TASK ITEM: Going down the listing below, print exactly each line from the one with "rewrite [X in" up to and including the one with "Lemma esumZl S", and skip the rest.

DATASET EXCERPTS:
┄┄┄┄┄┄
(* On a discrete space W_p is an increasing function of the total variation
   distance: the coupling that leaves the common mass min(mu{x}, nu{x}) on the
   diagonal is optimal, so the transport cost is 1 - overlap mu nu with
   overlap mu nu = sum_x min(mu{x}, nu{x}).  Hence isometric embeddings are
   exactly the maps preserving the overlap.
   For such an f the measures f(delta_x) have disjoint supports, because
   overlap delta_x delta_y = 0, and overlap (f delta_x) (f mu) = mu{x} says
   that the part of f(mu) on the support of f(delta_x) has mass mu{x};
   comparing overlaps shows that this part depends only, and monotonically,
   on mu{x}.  Evaluating it on t delta_x + (1 - t) delta_y defines phi_{x,t}.
   Any generating family has phi_{x,1} = f(delta_x) and phi_{x,t} <= phi_{x,1},
   which gives uniqueness.
   Conversely, for a family satisfying (a)-(c) the overlap of two generated
   measures splits over the disjoint supports of the phi_{x,1}, and on the
   piece of x it equals min(mu{x}, nu{x}) by (b) and (c). *)

From HB Require Import structures.
From mathcomp Require Import all_boot all_order all_algebra.
From mathcomp Require Import all_classical all_reals all_analysis.
From mathcomp Require Import lra.
Import Order.TTheory GRing.Theory Num.Theory.
Set Implicit Arguments. Unset Strict Implicit. Unset Printing Implicit Defensive.
Local Open Scope classical_set_scope.
Local Open Scope ring_scope.
Local Open Scope ereal_scope.

#[local] Hint Extern 0 (_.-measurable _) => exact: I : core.

Lemma countable_subT (T : Type) (A : set T) : countable [set: T] -> countable A.
Proof. exact: sub_countable (subset_card_le (subsetT A)). Qed.

Section esum_lemmas.
Context (R : realType) (T : choiceType).
Implicit Types (a b : T -> \bar R) (S : set T).

Lemma esum_ge_term S a x : (forall i, S i -> 0 <= a i) -> S x ->
  a x <= \esum_(i in S) a i.
Proof.
move=> a0 Sx; apply: esum_ge; exists [set x]; last by rewrite fsbig_set1.
by split; [exact: finite_set1|move=> y ->].
Qed.

Lemma esum_eq0_term S a x : (forall i, S i -> 0 <= a i) ->
  \esum_(i in S) a i = 0 -> S x -> a x = 0.
Proof.
move=> a0 s0 Sx; apply/eqP; rewrite eq_le a0 // andbT -s0.
exact: esum_ge_term.
Qed.

Lemma esum_only1 S a x : (forall i, S i -> i <> x -> a i = 0) -> S x ->
  0 <= a x -> \esum_(i in S) a i = a x.
Proof.
move=> a0 Sx ax0; rewrite (esumID [set x]); last first.
  by move=> i Si; have [->//|/eqP ix] := eqVneq i x; rewrite a0.
rewrite [X in _ + X]esum1 ?adde0; last by move=> i [Si /= ix]; apply: a0.
by rewrite (_ : S `&` [set x] = [set x]) ?esum_set1 // (setIidr _) // => y ->.
Qed.

Lemma exchange_esum (T' : choiceType) (A : set T) (B : set T')
    (a : T -> T' -> \bar R) : (forall i j, A i -> B j -> 0 <= a i j) ->
  \esum_(i in A) \esum_(j in B) a i j = \esum_(j in B) \esum_(i in A) a i j.
Proof.
move=> a0; rewrite esum_esum // esum_esum; last by move=> i j Bi Aj; apply: a0.
rewrite (reindex_esum (B `*`` fun=> A) (A `*`` fun=> B) (fun x => (x.2, x.1))) //.
split => /=.
- by move=> [i j] [/= ? ?]; split.
- by move=> [i j] [k l] /= _ _ [-> ->].
- by move=> [i j] [/= ? ?]; exists (j, i).
Qed.

Lemma esumZl S a (k : R) : (0 <= k)%R -> (forall i, 0 <= a i) ->
  \esum_(i in S) (k%:E * a i) = k%:E * \esum_(i in S) a i.
Proof.
move=> k0 a0; rewrite /esum -ereal_supZl //; last first.
  by apply/set0P; exists 0; exists set0; [exact: fsets_set0|rewrite fsbig_set0].
congr ereal_sup; apply/seteqP; split.
  move=> _ [X XS <-]; exists (\sum_(i \in X) a i); first by exists X.
  by rewrite ge0_mule_fsumr.
by move=> _ [_ [X XS <-] <-]; exists X => //; rewrite ge0_mule_fsumr.
Qed.

Lemma le_esum_eq S a b : (forall i, S i -> 0 <= a i) ->
  (forall i, S i -> a i <= b i) ->
  \esum_(i in S) b i \is a fin_num ->
  \esum_(i in S) a i = \esum_(i in S) b i -> forall x, S x -> a x = b x.
Proof.
move=> a0 ab bfin sab x Sx.
have b0 i : S i -> 0 <= b i by move=> Si; apply: le_trans (ab i Si); exact: a0.
have afin i : S i -> a i \is a fin_num.
  move=> Si; rewrite ge0_fin_numE ?a0 //; apply: le_lt_trans (ab i Si) _.
  by apply: le_lt_trans (esum_ge_term b0 Si) _; rewrite ltey_eq bfin.
have ba0 i : S i -> 0 <= b i - a i by move=> Si; rewrite suber_ge0 ?afin ?ab.
have E : \esum_(i in S) b i = \esum_(i in S) a i + \esum_(i in S) (b i - a i).
  rewrite -esumD //; apply: eq_esum => i Si.
  by rewrite addeC subeK ?afin.
have D0 : \esum_(i in S) (b i - a i) = 0.
  move: E; rewrite sab; set D := \esum_(i in S) (b i - a i) => E.
  by rewrite -(addeK D bfin) (addeC D) -E subee.
move: (esum_eq0_term ba0 D0 Sx) => ba.
by rewrite -(subeK (b x) (afin x Sx)) ba add0e.
Qed.

Lemma esum_preimage_fst (T' : choiceType) (w : T * T' -> \bar R) (A : set T) :
  (forall z, 0 <= w z) ->
  \esum_(z in fst @^-1` A) w z = \esum_(x in A) \esum_(y in setT) w (x, y).
Proof.
move=> w0; rewrite esum_esum //.
have -> : A `*`` (fun=> [set: T']) = fst @^-1` A.
  by apply/seteqP; split => [[a b] [] //|[a b] /= Aa]; split.
by apply: eq_esum => -[a b].
Qed.

Lemma esum_preimage_snd (T' : choiceType) (w : T' * T -> \bar R) (A : set T) :
  (forall z, 0 <= w z) ->
  \esum_(z in snd @^-1` A) w z = \esum_(y in A) \esum_(x in setT) w (x, y).
Proof.
move=> w0; rewrite (esum_esum (a := fun y x => w (x, y))) //.
rewrite (reindex_esum (A `*`` fun=> setT) (snd @^-1` A) (fun k => (k.2, k.1))) //.
split => /=.
- by move=> [a b] [/= ? ?].
- by move=> [a b] [c d] /= _ _ [-> ->].
- by move=> [a b] /= Ab; exists (b, a).
Qed.

End esum_lemmas.

Lemma measure_ngt0 d (T : semiRingOfSetsType d) (R : realFieldType)
    (m : {content set T -> \bar R}) (A : set T) :
  ~ (0 < m A) -> m A = 0.
Proof. by move=> /negP; rewrite -leNgt measure_le0 => /eqP. Qed.

Lemma mine0l (R : realDomainType) (a : \bar R) : 0 <= a -> mine 0 a = 0.
Proof. by move=> a0; apply/min_idPl. Qed.

Section discrete_measures.
Context (R : realType).

Lemma mnormalize_id d (T : measurableType d) (mu : {measure set T -> \bar R})
    (P : probability T R) A :
  mu setT = 1 -> mnormalize mu P A = mu A.
Proof. by move=> mu1; rewrite /mnormalize mu1 ifF ?invr1 ?mule1 // eqe oner_eq0. Qed.

Lemma measure_imageE (T0 : choiceType) (T : pointedType)
    (m : {measure set (discr T) -> \bar R}) (A : set T0) (e : T0 -> T) :
  countable A -> {in A &, injective e} ->
  m (e @` A) = \esum_(x in A) m [set e x].
Proof.
move=> /countable_injP[g ginj] einj.
pose F n := e @` (A `&` (g @^-1` [set n])).
have UF : e @` A = \bigcup_(n in g @` A) F n.
  apply/seteqP; split => [_ [x Ax <-]|_ [n [x Ax <-] [y [Ay /= gy] <-]]].
    by exists (g x); [exists x|exists x].
  by exists y.
have tF : trivIset (g @` A) F.
  move=> i j _ _ [_ [[x [Ax /= gx] <-] [y [Ay /= gy] eyx]]].
  by rewrite -gx -gy (einj y x) // inE.
rewrite UF measure_bigcup //= nneseries_esum //.
rewrite (_ : [set x | x \in g @` A] = g @` A); last first.
  by apply/seteqP; split => x; rewrite /= inE.
rewrite esum_image; last exact: ginj.
apply: eq_esum => x Ax; congr (m _).
apply/seteqP; split => [_ [y [Ay /= gy] <-]|_ ->] /=.
  by rewrite (ginj y x) // inE.
by exists x.
Qed.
┄┄┄┄┄┄
RESULT FOR THIS EXERCISE:
rewrite [X in _ + X]esum1 ?adde0; last by move=> i [Si /= ix]; apply: a0.
by rewrite (_ : S `&` [set x] = [set x]) ?esum_set1 // (setIidr _) // => y ->.
Qed.

Lemma exchange_esum (T' : choiceType) (A : set T) (B : set T')
    (a : T -> T' -> \bar R) : (forall i j, A i -> B j -> 0 <= a i j) ->
  \esum_(i in A) \esum_(j in B) a i j = \esum_(j in B) \esum_(i in A) a i j.
Proof.
move=> a0; rewrite esum_esum // esum_esum; last by move=> i j Bi Aj; apply: a0.
rewrite (reindex_esum (B `*`` fun=> A) (A `*`` fun=> B) (fun x => (x.2, x.1))) //.
split => /=.
- by move=> [i j] [/= ? ?]; split.
- by move=> [i j] [k l] /= _ _ [-> ->].
- by move=> [i j] [/= ? ?]; exists (j, i).
Qed.

Lemma esumZl S a (k : R) : (0 <= k)%R -> (forall i, 0 <= a i) ->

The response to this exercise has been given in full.